Comment: For many people, spiritual health is important to mental health. In my role as a psychologist clients will sometimes indicate they have had contact with aliens/ghosts/spirits and or other outer worldly experiences. In these situations, it is important to differentiate between those who may be having a psychotic episode, and those having an experience that they are attempting to explain or resolve to the best of their ability. A person’s background and culture has always been an important element in how people experience the world, the study mentioned in the article looks at the concept of how culture impacts upon the mind in terms of what the authors term porous and absorbed.

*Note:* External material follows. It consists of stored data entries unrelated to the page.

Lemma fps_mul_mono_lift e i k m p o F :
  (forall a l j, a < 0 \/ l < 0 \/ j < 0 -> F a l j = 0) -> (p + o = i + k)%N ->
  fps_mul (mono e i k m p) (lift_fps 0 F) =
  lift_fps o (fun a l j => e * F (a - i%:Z) (l - k%:Z) (j - m%:Z)).
Proof.
move=> F_neg p_o; apply: fps_ext => a l j n; rewrite fps_mul_mono /lift_fps.
case: ifP => [/and4P [i_a k_l m_j p_n]|/negbT].
  rewrite !subzn // addn0 (_ : (n - p == a - i + (l - k))%N = (n + o == a + l)%N).
    by case: ifP; rewrite ?mulr0.
  by apply/eqP/eqP; lia.
rewrite !negb_and -!ltnNge => out; case: eqP => // n_o.
by rewrite F_neg ?mulr0 //; lia.
Qed.

Lemma lift_fps_add o F G :
  fps_add (lift_fps o F) (lift_fps o G) = lift_fps o (fun a l j => F a l j + G a l j).
Proof. by apply: fps_ext => a l j n; rewrite /fps_add /lift_fps; case: ifP; rewrite ?addr0. Qed.

Lemma lift_fps_ext o F G : (forall a l j, F a l j = G a l j) -> lift_fps o F = lift_fps o G.
Proof. by move=> eq_FG; apply: fps_ext => a l j n; rewrite /lift_fps eq_FG. Qed.

Section LiftedProducts.

Variable D : int -> int -> int -> int.
Hypothesis D_neg : forall a l j, a < 0 \/ l < 0 \/ j < 0 -> D a l j = 0.

Lemma fps_mul_den : fps_mul den_FO2 (lift_fps 0 D) = lift_fps 0 (mul_den D).
Proof.
rewrite /den_FO2 !fps_mulDl !(@fps_mul_mono_lift _ _ _ _ _ 0 D D_neg) // !lift_fps_add.
by apply: lift_fps_ext => a l j; rewrite /mul_den !subr0; abstract_atoms D; lia.
Qed.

IT’S NOTORIOUSLY CHALLENGING to apply science to spirituality — to quantify the mysterious or explain the supernatural. Why do some people report being possessed by demons or recall being visited by angels? Why do others have no interest in matters of the divine? In a study published Monday in the journal Proceedings of the National Academy of Sciences, researchers find psychological clues that influence this divide. According to interviews and surveys of over 2,000 people across the United States, Ghana, Thailand, China, and Vanuatu, two pivotal factors shape people’s perceived experience with a spiritual presence: porosity and absorption.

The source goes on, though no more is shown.